(* Let $f=(A,B,C)$ and $f'=(A',B',C')$ be two partially reduced imaginary or unusual binary quadratic forms over $\mathbb{F}_q[t]$ of the same discriminant. Then: (1) if $|A|<|C|$ and $|A'|<|C'|$, then $f$ and $f'$ are equivalent if and only if $f=f'$; (2) if $|A|<|C|$ and $|A'|=|C'|$, then $f$ and $f'$ are not equivalent; (3) if $|A|=|C|$ and $|A'|=|C'|$, then $f'=f\circ M$ with $M\in GL_2(\mathbb{F}_q[t])$ if and only if $M=\begin{pmatrix}\alpha&\beta\\ 4u\beta/h& u\alpha\end{pmatrix}$ with $\alpha,\beta\in\mathbb{F}_q$, $\alpha^2-(4/h)\beta^2=1$, and $u=\det M=\pm1$, where, if $B'\neq0$, $u$ is determined by the condition $\mathrm{sgn}(B')\in S$.
   Context: $\mathbb{F}_q$ is a finite field with $\gcd(q,6)=1$. For nonzero $H\in\mathbb{F}_q[t]$, $|H|=q^{\deg H}$, $|0|=0$, and $\mathrm{sgn}(H)$ is its leading coefficient. A binary quadratic form $f=(A,B,C)$ is $Ax^2+Bxy+Cy^2$ over $\mathbb{F}_q[t]$ with discriminant $D=B^2-4AC$; $(f\circ M)(x,y)=f(\alpha x+\beta y,\gamma x+\delta y)$ for $M=\begin{pmatrix}\alpha&\beta\\ \gamma&\delta\end{pmatrix}$; $GL_2(\mathbb{F}_q[t])$ is the set of such $M$ with entries in $\mathbb{F}_q[t]$ and $\det M\in\mathbb{F}_q^*$; $f,g$ are equivalent if $g=f\circ M$ for some $M\in GL_2(\mathbb{F}_q[t])$. $D$ is imaginary if $\deg D$ is odd, unusual if $\deg D$ is even and $\mathrm{sgn}(D)$ is a non-square in $\mathbb{F}_q^*$. Fix a primitive root $h$ of $\mathbb{F}_q^*$, $S=\{h^i:0\le i\le(q-3)/2\}$. Standing assumptions: forms are primitive, irreducible, $D\notin\mathbb{F}_q$, and $\mathrm{sgn}(D)\in\{1,h\}$. A form $(A,B,C)$ is partially reduced if $|B|<|A|\le|C|$; if $|A|<|C|$ then $\mathrm{sgn}(A)\in\{1,h\}$, and if $|A|=|C|$ then $\mathrm{sgn}(A)=1$; and $B\ne0$ implies $\mathrm{sgn}(B)\in S$. *)

From HB Require Import structures.
From mathcomp Require Import all_boot all_order all_algebra all_field.
Set Implicit Arguments. Unset Strict Implicit. Unset Printing Implicit Defensive.
Import Order.TTheory GRing.Theory Num.Theory.
Local Open Scope ring_scope.

Section Forms.
Variable F : finFieldType.

(* A binary quadratic form (A,B,C) = A x^2 + B x y + C y^2 over F_q[t]. *)
Definition qform := ({poly F} * {poly F} * {poly F})%type.
Definition fA (f : qform) := f.1.1.
Definition fB (f : qform) := f.1.2.
Definition fC (f : qform) := f.2.

Definition absq (H : {poly F}) : nat :=
  if H == 0 then 0%N else (#|F| ^ (size H).-1)%N.

Definition sgn (H : {poly F}) : F := lead_coef H.

Definition disc (f : qform) : {poly F} := fB f ^+ 2 - 4%:R * fA f * fC f.

(* (f o M)(x,y) = f(alpha x + beta y, gamma x + delta y), coefficients written out *)
Definition compose (f : qform) (M : 'M[{poly F}]_2) : qform :=
  let a := M ord0 ord0 in let b := M ord0 ord_max in
  let c := M ord_max ord0 in let d := M ord_max ord_max in
  let A := fA f in let B := fB f in let C := fC f in
  (A * a ^+ 2 + B * a * c + C * c ^+ 2,
   2%:R * A * a * b + B * (a * d + b * c) + 2%:R * C * c * d,
   A * b ^+ 2 + B * b * d + C * d ^+ 2).

Definition inGL2 (M : 'M[{poly F}]_2) : Prop :=
  exists c : F, c != 0 /\ \det M = c%:P.

Definition equivalent (f g : qform) : Prop :=
  exists M, inGL2 M /\ g = compose f M.

Definition mx2 (a b c d : {poly F}) : 'M[{poly F}]_2 :=
  \matrix_(i < 2, j < 2)
    if (i : nat) == 0%N then (if (j : nat) == 0%N then a else b)
    else (if (j : nat) == 0%N then c else d).

Definition primitive (f : qform) : Prop := coprimep (gcdp (fA f) (fB f)) (fC f).

(* irreducible: does not factor as a product of two linear forms over F_q[t] *)
Definition irreducible_form (f : qform) : Prop :=
  ~ exists a b c d : {poly F},
      fA f = a * c /\ fB f = a * d + b * c /\ fC f = b * d.

Definition is_square (x : F) : Prop := exists y : F, y ^+ 2 = x.

Definition imaginary (D : {poly F}) : Prop := odd (size D).-1.
Definition unusual (D : {poly F}) : Prop :=
  ~~ odd (size D).-1 /\ sgn D != 0 /\ ~ is_square (sgn D).

Definition primitive_root_F (h : F) : Prop := (#|F|.-1).-primitive_root h.

Definition inS (h x : F) : Prop :=
  exists i : nat, (i <= (#|F| - 3)./2)%N /\ x = h ^+ i.

Definition standing (h : F) (f : qform) : Prop :=
  primitive f /\ irreducible_form f /\ (~ exists c : F, disc f = c%:P) /\
  (sgn (disc f) = 1 \/ sgn (disc f) = h).

Definition partially_reduced (h : F) (f : qform) : Prop :=
  [/\ (absq (fB f) < absq (fA f))%N, (absq (fA f) <= absq (fC f))%N,
      ((absq (fA f) < absq (fC f))%N -> sgn (fA f) = 1 \/ sgn (fA f) = h),
      (absq (fA f) = absq (fC f) -> sgn (fA f) = 1) &
      (fB f != 0 -> inS h (sgn (fB f)))].

End Forms.

From HB Require Import structures.
From mathcomp Require Import all_boot all_order all_algebra all_field.
From mathcomp Require Import zify ring.
Set Implicit Arguments. Unset Strict Implicit. Unset Printing Implicit Defensive.
Import GRing.Theory.
Local Open Scope ring_scope.

(* Call f = (A,B,C) balanced when |A| = |C|.  For a partially reduced form whose
   discriminant D is imaginary or unusual, the value f(x,y) never cancels:
   deg f(x,y) = max(deg A x^2, deg C y^2) for (x,y) <> 0, since equal degrees with
   cancelling leading terms would make deg D = deg A + deg C even and
   sgn D = -4 sgn(A) sgn(C) a square.  If f' = f o M with M in GL_2, then
   D' = (det M)^2 D forces (det M)^2 = 1 and deg A + deg C = deg A' + deg C'; applied
   to A' = f(alpha,gamma) and C' = f(beta,delta) this gives gamma = 0 and a constant
   diagonal when f is unbalanced (so deg A' = deg A < deg C <= deg C'), and constant
   entries when both forms are balanced.
   In the first case the normalisations of sgn A (h is not a square) and of sgn B
   (S and -S are disjoint) leave only f' = f; in the balanced case sgn C = -h/4, and
   comparing the coefficients of degree deg A in f o M = f' says that M preserves
   x^2 - (h/4) y^2, which yields the stated parametrisation. *)

Section PolySize.
Variable R : idomainType.
Implicit Types p q x : {poly R}.

Lemma size_mul_sqr p x : p != 0 -> x != 0 ->
  size (p * x ^+ 2) = (size p + ((size x).-1).*2)%N.
Proof.
move=> p0 x0; rewrite size_mul ?expf_neq0 //.
by rewrite -[size (x ^+ 2)]prednK ?size_poly_gt0 ?expf_neq0 // size_exp muln2 addnS.
Qed.

Lemma size_mul_sqrC p (k : R) : k != 0 ->
  size (p * k%:P ^+ 2) = size p.
Proof. by move=> k0; rewrite -polyC_exp mulrC size_Cmul // expf_neq0. Qed.

Lemma size_mul_sqr_le p x : p != 0 ->
  (size (p * x ^+ 2)%R <= size p)%N = (size x <= 1)%N.
Proof.
move=> p0; case: (eqVneq x 0) => [->|x0]; first by rewrite expr0n mulr0 size_poly0.
by rewrite size_mul_sqr // -!subn1 -addnn; lia.
Qed.

Lemma size_polyD_eqsize p q : size p = size q -> lead_coef p + lead_coef q != 0 ->
  size (p + q) = size p.
Proof.
move=> eq_pq lead_neq0; apply/eqP.
rewrite eqn_leq (leq_trans (size_polyD _ _)) ?eq_pq ?maxnn //.
case: (posnP (size q)) => [->//|q_gt0]; rewrite -(prednK q_gt0) ltnNge.
apply: contra lead_neq0 => le_pq; rewrite /lead_coef eq_pq -coefD.
by rewrite nth_default.
Qed.

Section ReducedDisc.
Variables A B C : {poly R}.
Hypotheses (two_neq0 : (2%:R : R) != 0) (ltBA : (size B < size A)%N)
  (leAC : (size A <= size C)%N).

Let four_neq0 : (4%:R : R) != 0.
Proof. by rewrite (natrM R 2 2) mulf_neq0. Qed.

Let A_neq0 : A != 0. Proof. by rewrite -size_poly_gt0 (leq_ltn_trans _ ltBA). Qed.
Let C_neq0 : C != 0.
Proof. by rewrite -size_poly_gt0 (leq_trans _ leAC) ?size_poly_gt0. Qed.

Let size_4AC : size (4%:R * A * C) = (size A + size C).-1.
Proof. by rewrite -mulrA -polyC_natr size_Cmul // size_mul. Qed.

Let lt_B2_4AC : (size (B ^+ 2) < size (- (4%:R * A * C)))%N.
Proof.
rewrite size_polyN size_4AC; have A_gt0 : (0 < size A)%N by rewrite size_poly_gt0.
case: (eqVneq B 0) => [->|B0]; first by rewrite expr0n size_poly0 -subn1; lia.
have sB2 : size (B ^+ 2) = ((size B).-1 * 2).+1.
  by rewrite -size_exp prednK // size_poly_gt0 expf_neq0.
have B_gt0 : (0 < size B)%N by rewrite size_poly_gt0.
rewrite sB2 -!subn1; lia.
Qed.

Lemma size_disc_reduced : size (B ^+ 2 - 4%:R * A * C) = (size A + size C).-1.
Proof. by rewrite addrC size_polyDl // size_polyN size_4AC. Qed.

Lemma lead_coef_disc_reduced :
  lead_coef (B ^+ 2 - 4%:R * A * C) = - 4%:R * lead_coef A * lead_coef C.
Proof.
by rewrite addrC lead_coefDl // lead_coefN !lead_coefM -polyC_natr lead_coefC !mulNr.
Qed.

End ReducedDisc.
End PolySize.

(* The hypotheses say that M = [[a, b], [c, d]], of determinant u, satisfies
   M^T diag(1, s) M = diag(1, s). *)
Lemma isometry_diag_entries (R : fieldType) (s u a b c d : R) : s != 0 ->
  a ^+ 2 + s * c ^+ 2 = 1 -> a * b + s * c * d = 0 -> b ^+ 2 + s * d ^+ 2 = s ->
  a * d - b * c = u -> u ^+ 2 = 1 ->
  [/\ c = - (u * b) / s, d = u * a & a ^+ 2 + b ^+ 2 / s = 1].
Proof.
move=> s0 e1 e2 e3 det u2.
have cE : c = - (u * b) / s.
  have : s * c + u * b = d * (a * b + s * c * d) - c * (b ^+ 2 + s * d ^+ 2 - s).
    by rewrite -det; ring.
  rewrite e2 e3 subrr !mulr0 subr0 => /eqP; rewrite addr_eq0 => /eqP <-.
  by rewrite mulrC mulKf.
have dE : d = u * a.
  have : u * a - d = d * (a ^+ 2 + s * c ^+ 2 - 1) - c * (a * b + s * c * d).
    by rewrite -det; ring.
  by rewrite e1 e2 subrr !mulr0 subr0 => /eqP; rewrite subr_eq0 => /eqP.
split=> //; rewrite -e1 cE mulNr sqrrN expr_div_n exprMn u2 mul1r.
by field.
Qed.

Section QuadraticForms.
Variable F : finFieldType.

Lemma qform_eta (g : qform F) : g = (fA g, fB g, fC g).
Proof. by case: g => [[]]. Qed.

Lemma det_mx2 (a b c d : {poly F}) : \det (mx2 a b c d) = a * d - b * c.
Proof.
rewrite (expand_det_row _ ord0) !big_ord_recl big_ord0 addr0 /cofactor !det_mx11.
by rewrite !mxE /= /bump /= expr0 expr1 mul1r mulN1r mulrN.
Qed.

Lemma mx2_eta (M : 'M[{poly F}]_2) :
  M = mx2 (M ord0 ord0) (M ord0 ord_max) (M ord_max ord0) (M ord_max ord_max).
Proof.
by apply/matrixP => -[[|[|//]] Hi] [[|[|//]] Hj]; rewrite !mxE /=;
  congr (M _ _); apply: val_inj.
Qed.

Lemma disc_compose (f : qform F) (M : 'M[{poly F}]_2) :
  disc (compose f M) = \det M ^+ 2 * disc f.
Proof. by rewrite [in RHS](mx2_eta M) det_mx2 /disc /compose /fA /fB /fC /=; ring. Qed.

Lemma equivalent_refl (f : qform F) : equivalent f f.
Proof.
exists (mx2 1 0 0 1); split.
  by exists 1; rewrite oner_neq0 det_mx2 mulr1 mulr0 subr0.
by case: f => [[A B] C]; rewrite /compose !mxE /fA /fB /fC /=; congr (_, _, _); ring.
Qed.

End QuadraticForms.

Section AbsoluteValue.
Variable F : finFieldType.
Implicit Types p q : {poly F}.

Lemma ltn_absq p q : (absq p < absq q)%N = (size p < size q)%N.
Proof.
rewrite /absq; have q_gt1 := finNzRing_gt1 F.
case: (eqVneq p 0) => [->|p0]; case: (eqVneq q 0) => [->|q0]; rewrite ?size_poly0.
- by [].
- by rewrite expn_gt0 (ltn_trans _ q_gt1) // size_poly_gt0 q0.
- by rewrite ltn0.
rewrite ltn_exp2l //; move: p0 q0; rewrite -!size_poly_gt0.
by case: (size p) => // m _; case: (size q).
Qed.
****************
* WHAT IS NEEDED: From the listing, copy each line containing the word "subrr".

* FINISHED EXERCISE:
  rewrite e2 e3 subrr !mulr0 subr0 => /eqP; rewrite addr_eq0 => /eqP <-.
  by rewrite e1 e2 subrr !mulr0 subr0 => /eqP; rewrite subr_eq0 => /eqP.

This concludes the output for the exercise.